WORK INSTRUCTION: As the answer, give a copy of each line below that includes the word "hnone".

Items from a dataset

* * * *

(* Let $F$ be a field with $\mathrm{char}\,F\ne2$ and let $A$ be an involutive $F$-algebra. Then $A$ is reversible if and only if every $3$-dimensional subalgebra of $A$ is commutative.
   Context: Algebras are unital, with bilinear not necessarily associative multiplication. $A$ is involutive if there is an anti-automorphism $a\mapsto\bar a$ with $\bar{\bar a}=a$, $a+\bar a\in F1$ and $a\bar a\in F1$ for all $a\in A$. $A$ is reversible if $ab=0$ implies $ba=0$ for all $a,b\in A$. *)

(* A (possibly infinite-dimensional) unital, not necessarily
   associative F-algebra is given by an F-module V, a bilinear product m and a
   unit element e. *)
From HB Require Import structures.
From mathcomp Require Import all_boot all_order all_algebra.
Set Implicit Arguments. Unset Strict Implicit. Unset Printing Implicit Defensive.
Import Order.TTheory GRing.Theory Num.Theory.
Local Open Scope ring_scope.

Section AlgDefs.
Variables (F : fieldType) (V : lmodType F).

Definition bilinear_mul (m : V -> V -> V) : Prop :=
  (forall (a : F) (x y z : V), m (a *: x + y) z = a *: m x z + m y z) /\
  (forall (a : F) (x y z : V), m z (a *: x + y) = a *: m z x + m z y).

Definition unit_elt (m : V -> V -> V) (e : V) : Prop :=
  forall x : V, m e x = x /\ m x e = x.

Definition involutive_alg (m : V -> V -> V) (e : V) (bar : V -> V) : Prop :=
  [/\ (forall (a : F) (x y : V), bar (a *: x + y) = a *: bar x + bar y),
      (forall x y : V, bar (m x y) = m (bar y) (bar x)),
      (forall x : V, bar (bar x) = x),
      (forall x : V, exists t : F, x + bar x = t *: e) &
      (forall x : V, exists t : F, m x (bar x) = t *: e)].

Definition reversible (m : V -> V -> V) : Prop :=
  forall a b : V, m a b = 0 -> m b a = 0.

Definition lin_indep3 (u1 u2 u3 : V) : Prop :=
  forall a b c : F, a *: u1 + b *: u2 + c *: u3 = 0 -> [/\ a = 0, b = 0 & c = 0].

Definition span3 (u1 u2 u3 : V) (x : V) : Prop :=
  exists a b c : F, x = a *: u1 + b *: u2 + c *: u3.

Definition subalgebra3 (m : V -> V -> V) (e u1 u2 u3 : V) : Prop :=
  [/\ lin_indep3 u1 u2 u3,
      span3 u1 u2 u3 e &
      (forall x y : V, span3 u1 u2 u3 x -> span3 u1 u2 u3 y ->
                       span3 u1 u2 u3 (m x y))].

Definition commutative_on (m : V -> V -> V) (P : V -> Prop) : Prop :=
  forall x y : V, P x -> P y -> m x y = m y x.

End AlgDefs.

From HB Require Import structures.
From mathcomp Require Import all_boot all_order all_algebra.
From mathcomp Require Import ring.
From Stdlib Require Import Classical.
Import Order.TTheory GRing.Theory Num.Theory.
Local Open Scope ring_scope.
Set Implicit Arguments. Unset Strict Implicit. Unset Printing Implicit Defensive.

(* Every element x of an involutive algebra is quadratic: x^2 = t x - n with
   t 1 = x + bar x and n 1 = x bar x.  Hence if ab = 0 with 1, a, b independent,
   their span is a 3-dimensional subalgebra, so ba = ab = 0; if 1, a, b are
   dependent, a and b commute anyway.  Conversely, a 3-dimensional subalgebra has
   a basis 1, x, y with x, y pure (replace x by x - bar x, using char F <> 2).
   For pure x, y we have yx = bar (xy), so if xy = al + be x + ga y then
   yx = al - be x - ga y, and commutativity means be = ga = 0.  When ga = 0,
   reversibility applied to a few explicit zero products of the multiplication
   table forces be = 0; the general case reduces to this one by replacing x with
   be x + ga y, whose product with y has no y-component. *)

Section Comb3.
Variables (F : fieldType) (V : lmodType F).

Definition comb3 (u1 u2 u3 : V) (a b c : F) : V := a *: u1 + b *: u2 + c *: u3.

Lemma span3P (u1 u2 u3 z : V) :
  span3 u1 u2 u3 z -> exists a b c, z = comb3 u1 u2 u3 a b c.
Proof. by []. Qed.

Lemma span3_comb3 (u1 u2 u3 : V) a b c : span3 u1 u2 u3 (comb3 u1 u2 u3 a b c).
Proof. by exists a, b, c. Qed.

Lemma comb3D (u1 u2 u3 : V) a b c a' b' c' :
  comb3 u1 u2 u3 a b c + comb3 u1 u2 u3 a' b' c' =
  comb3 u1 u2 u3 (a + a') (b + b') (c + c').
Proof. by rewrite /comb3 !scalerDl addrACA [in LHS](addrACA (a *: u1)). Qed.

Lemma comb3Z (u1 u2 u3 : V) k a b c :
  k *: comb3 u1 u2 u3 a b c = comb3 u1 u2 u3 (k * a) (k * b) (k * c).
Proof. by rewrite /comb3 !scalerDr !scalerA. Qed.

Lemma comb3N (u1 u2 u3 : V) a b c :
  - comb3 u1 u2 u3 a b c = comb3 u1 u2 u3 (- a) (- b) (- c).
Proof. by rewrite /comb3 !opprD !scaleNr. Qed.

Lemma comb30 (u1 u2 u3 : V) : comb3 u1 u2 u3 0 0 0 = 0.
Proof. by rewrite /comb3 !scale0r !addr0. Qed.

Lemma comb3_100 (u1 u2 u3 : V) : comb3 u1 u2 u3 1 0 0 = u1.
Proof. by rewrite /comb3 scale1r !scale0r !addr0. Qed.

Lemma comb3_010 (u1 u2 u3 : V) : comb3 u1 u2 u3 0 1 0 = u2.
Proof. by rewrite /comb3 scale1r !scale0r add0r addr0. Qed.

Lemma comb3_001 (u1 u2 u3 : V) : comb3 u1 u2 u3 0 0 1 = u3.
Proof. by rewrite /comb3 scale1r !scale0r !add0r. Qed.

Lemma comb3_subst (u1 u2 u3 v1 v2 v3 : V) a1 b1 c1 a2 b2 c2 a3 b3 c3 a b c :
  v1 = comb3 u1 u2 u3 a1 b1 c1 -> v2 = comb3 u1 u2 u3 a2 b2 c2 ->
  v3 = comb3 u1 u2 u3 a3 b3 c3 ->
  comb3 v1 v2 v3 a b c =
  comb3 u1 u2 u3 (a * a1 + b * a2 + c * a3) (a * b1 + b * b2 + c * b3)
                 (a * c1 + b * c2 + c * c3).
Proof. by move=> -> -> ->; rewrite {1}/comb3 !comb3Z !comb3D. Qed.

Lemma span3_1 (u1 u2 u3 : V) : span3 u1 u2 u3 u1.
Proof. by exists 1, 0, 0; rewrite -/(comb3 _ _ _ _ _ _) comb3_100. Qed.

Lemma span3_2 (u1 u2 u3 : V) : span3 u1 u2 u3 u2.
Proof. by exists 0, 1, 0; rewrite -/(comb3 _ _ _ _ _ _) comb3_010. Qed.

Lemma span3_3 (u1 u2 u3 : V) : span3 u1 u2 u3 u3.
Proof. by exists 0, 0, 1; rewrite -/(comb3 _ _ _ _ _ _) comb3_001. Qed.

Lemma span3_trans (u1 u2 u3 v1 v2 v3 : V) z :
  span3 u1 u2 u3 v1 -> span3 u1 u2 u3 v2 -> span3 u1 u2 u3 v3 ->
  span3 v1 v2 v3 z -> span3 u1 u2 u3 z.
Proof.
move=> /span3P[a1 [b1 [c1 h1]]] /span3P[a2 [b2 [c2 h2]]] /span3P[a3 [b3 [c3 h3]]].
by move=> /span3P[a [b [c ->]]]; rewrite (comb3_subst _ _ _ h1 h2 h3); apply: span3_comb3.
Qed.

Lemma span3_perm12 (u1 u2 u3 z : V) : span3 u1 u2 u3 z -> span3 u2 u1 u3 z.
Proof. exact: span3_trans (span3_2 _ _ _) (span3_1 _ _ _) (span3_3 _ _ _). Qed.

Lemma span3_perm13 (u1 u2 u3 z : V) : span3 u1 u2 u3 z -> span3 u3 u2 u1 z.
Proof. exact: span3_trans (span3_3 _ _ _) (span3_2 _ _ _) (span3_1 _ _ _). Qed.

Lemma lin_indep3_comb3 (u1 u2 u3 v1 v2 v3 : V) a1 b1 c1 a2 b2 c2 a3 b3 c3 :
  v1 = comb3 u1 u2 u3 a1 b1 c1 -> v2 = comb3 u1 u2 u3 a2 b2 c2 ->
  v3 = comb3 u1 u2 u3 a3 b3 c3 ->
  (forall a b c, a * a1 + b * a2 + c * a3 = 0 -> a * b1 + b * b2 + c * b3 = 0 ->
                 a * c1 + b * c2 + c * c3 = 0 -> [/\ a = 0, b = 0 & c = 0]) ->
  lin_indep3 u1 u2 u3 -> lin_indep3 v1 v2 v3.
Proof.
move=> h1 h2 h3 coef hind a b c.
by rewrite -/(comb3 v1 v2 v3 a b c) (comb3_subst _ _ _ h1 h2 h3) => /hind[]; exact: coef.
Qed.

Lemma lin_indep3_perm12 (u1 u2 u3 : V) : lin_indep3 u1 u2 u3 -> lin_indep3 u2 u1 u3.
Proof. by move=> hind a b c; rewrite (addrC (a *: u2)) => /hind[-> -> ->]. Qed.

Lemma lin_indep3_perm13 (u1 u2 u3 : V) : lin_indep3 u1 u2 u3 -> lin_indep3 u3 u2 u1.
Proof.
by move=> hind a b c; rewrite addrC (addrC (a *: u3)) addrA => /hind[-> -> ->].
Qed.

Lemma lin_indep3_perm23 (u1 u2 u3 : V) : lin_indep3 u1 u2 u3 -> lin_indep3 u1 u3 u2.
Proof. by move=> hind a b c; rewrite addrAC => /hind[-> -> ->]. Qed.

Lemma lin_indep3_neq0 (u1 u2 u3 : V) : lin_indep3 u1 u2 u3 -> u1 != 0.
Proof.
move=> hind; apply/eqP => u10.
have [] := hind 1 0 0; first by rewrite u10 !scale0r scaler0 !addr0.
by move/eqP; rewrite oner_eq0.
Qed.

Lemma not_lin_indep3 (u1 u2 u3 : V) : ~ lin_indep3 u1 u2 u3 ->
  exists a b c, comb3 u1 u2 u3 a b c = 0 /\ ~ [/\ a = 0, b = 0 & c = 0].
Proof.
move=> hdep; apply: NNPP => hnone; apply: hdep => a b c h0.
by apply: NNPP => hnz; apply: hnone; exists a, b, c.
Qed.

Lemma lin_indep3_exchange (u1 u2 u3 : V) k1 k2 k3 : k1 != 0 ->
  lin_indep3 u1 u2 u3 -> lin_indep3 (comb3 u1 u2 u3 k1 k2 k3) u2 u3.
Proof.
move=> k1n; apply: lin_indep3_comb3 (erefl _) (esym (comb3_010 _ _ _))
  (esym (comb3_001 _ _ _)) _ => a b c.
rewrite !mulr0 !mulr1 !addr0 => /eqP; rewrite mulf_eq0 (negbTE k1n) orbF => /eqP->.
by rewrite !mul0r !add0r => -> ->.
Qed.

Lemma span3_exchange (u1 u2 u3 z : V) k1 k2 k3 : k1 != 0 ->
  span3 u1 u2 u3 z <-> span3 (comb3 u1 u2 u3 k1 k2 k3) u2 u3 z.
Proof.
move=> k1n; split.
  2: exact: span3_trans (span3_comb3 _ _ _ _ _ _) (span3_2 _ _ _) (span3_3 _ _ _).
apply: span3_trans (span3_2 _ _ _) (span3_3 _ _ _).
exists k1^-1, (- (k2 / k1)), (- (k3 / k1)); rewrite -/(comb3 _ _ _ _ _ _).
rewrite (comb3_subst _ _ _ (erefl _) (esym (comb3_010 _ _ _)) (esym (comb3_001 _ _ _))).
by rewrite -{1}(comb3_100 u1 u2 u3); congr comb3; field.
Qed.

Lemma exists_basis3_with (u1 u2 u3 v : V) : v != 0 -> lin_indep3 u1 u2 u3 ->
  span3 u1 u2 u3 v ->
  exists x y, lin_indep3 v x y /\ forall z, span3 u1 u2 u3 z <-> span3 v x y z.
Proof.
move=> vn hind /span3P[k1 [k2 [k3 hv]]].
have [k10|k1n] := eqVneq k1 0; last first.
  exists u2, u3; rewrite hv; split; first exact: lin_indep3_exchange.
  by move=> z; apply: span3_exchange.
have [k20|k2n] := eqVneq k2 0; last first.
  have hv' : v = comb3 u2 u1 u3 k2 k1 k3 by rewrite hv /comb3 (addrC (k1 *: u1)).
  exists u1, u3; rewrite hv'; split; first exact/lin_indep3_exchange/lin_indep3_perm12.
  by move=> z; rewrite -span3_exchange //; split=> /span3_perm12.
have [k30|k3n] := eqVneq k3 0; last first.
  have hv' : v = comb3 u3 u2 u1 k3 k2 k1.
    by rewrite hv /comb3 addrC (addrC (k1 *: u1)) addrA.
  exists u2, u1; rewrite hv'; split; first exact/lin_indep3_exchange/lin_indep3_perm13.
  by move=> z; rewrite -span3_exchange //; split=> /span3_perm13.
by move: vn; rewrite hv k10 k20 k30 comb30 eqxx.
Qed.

* * * *

EXERCISE ANSWER:
move=> hdep; apply: NNPP => hnone; apply: hdep => a b c h0.
by apply: NNPP => hnz; apply: hnone; exists a, b, c.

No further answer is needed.